That was enough to completely saturate two T1 lines-- nearly 300 KB/sec-- for most of the day. And that includes the time we disabled access to the site entirely in order to keep it from taking out the whole network.* After that, it was clear that something had to be done. What can we do to reduce a website's bandwidth usage?

1. Switch to an external image provider.

Unless your website is an all-text affair, images will always consume the lion's share of your outgoing bandwidth. Even on this site, which is extremely minimalistic, the size of the images dwarf the size of the text. Consider my last blog post, which is fairly typical:

Size of post text~4,900 bytes
Size of post image~46,300 bytes
Size of site images~4,600 bytes

The text only makes up about ten percent of the content for that post.

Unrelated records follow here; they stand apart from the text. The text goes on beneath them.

Lemma gap_le_gamma_strat s : 0 < gap isMax E w lam ->
  joint_strategy E s -> ~ co_optimal isMax E w lam s ->
  gap isMax E w lam <= gamma_strat isMax E w lam s.
Proof.
rewrite /gap; set S := [set r | _] => gap_gt0 js nco.
have [lbS|nlbS] := pselect (has_lbound S); first by apply: (ge_inf lbS); exists s.
by move: gap_gt0; rewrite inf_out ?ltxx // => -[_].
Qed.

End Game.

Theorem lemma4p5 (R : realType) (V : finType) (isMax : pred V) (E : rel V)
    (w w' lam : V -> V -> R) :
  dpg_wf E lam ->
  (exists s, joint_strategy E s /\ ~ co_optimal isMax E w lam s) ->
  (forall u v, E u v ->
     `|w u v - w' u v| <= (1 - lam_star E lam) / 3 * gap isMax E w lam) ->
  forall s, joint_strategy E s -> co_optimal isMax E w' lam s ->
    co_optimal isMax E w lam s.
Proof.
move=> [_ lam01] _ hw s js co'; apply: contrapT => nco.
have /existsNP [v _] := nco.
set c := lam_star E lam; set gp := gap isMax E w lam.
have c1 : 0 < 1 - c by rewrite subr_gt0 lam_star_lt1.
have gp0 : 0 <= gp.
  by have := le_trans (normr_ge0 _) (hw _ _ (js v)); rewrite pmulr_rge0 // divr_gt0.
have val_dist x : `|val_strat w lam s x - val_strat w' lam s x| <= gp / 3.
  have -> : gp / 3 = (1 - c) / 3 * gp / (1 - c) by field; rewrite gt_eqF.
  exact: val_strat_lipschitz.
have off' : offsets_ge isMax E w' lam (val_strat w' lam s) 0.
  have -> : val_strat w' lam s = game_val isMax E w' lam by apply: funext.
  exact: game_val_offsets_ge0 js.
have off : offsets_ge isMax E w lam (val_strat w lam s) (- (gp * 2 / 3)).
  move=> x y Exy; have /andP[l0 _] := lam01 _ _ Exy.
  have := offset_ge_perturbed isMax l0 (hw _ _ Exy) (val_dist x) (val_dist y).
  rewrite -/c -/gp.
  have := off' _ _ Exy; have : lam x y <= c := lam_le_lam_star lam01 Exy.
  nra.
move: gp0; rewrite le_eqVlt => /predU1P[gp_eq0|gp_gt0].
  by apply/nco/(co_optimal_offsets_ge0 lam01 js); rewrite -gp_eq0 !mul0r oppr0 in off.
have := gap_le_gamma_strat gp_gt0 js nco.
have := gamma_strat_le (js v) off.
lra.
Qed.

To make a dent in our bandwidth problem, we must deal with the other ninety percent of the content-- the images-- first.

Ideally, we shouldn't have to serve up any images at all: we can outsource the hosting of our images to an external website. There are a number of free or nearly-free image sharing sites on the net which make this a viable strategy:

  • Imageshack
    ImageShack offers free, unlimited storage, but has a 100 MB per hour bandwidth limit for each image. This sounds like a lot, but do the math: that's 1.66 MB per minute, or about 28 KB per second. And the larger your image is, the faster you'll burn through that meager allotment. But it's incredibly easy to use-- you don't even have to sign up-- and according to their common questions page, anything goes as long as it's not illegal.

  • Flickr
    Flickr offers a free basic account with limited upload bandwidth and limited storage. Download bandwidth is unlimited. Upgrading to a paid Pro account for $25/year removes all upload and storage restrictions. However, Flickr's terms of use warn that "professional or corporate uses of Flickr are prohibited", and all external images require a link back to Flickr.

  • Photobucket
    Photobucket's free account has a storage limit and a download bandwidth limit of 10 GB per month (that works out to a little over 14 MB per hour). Upgrading to a paid Pro account for $25/year removes the bandwidth limit. I couldn't find any relevant restrictions in their terms of service.

  • Amazon S3
    Amazon's S3 service allows you to direct-link files at a cost of 15 cents per GB of storage, and 20 cents per GB transfer. It's unlikely that would add up to more than the ~ $2 / month that seems to be the going rate for the other unlimited bandwidth plans. It has worked well for at least one other site.

I like ImageShack a lot, but it's unsuitable for any kind of load, due to the hard-coded bandwidth limit. Photobucket offers the most favorable terms, but Flickr has a better, more mature toolset. Unfortunately, I didn't notice the terms of use restrictions at Flickr until I had already purchased a Pro account from them. So we'll see how it goes. Update: it looks like Amazon S3 may be the best long-term choice, as many (if not all) of these photo sharing services are blocked in corporate firewalls.

Even though this ends up costing me $25/year, it's still an incredible bargain. I am offloading 90% of my site's bandwidth usage to an external host for a measly 2 dollars a month.

And as a nice ancillary benefit, I no longer need to block image bandwidth theft with URL rewriting. Images are free and open to everyone, whether it's abuse or not. This makes life much easier for legitimate users who want to view my content in the reader of their choice.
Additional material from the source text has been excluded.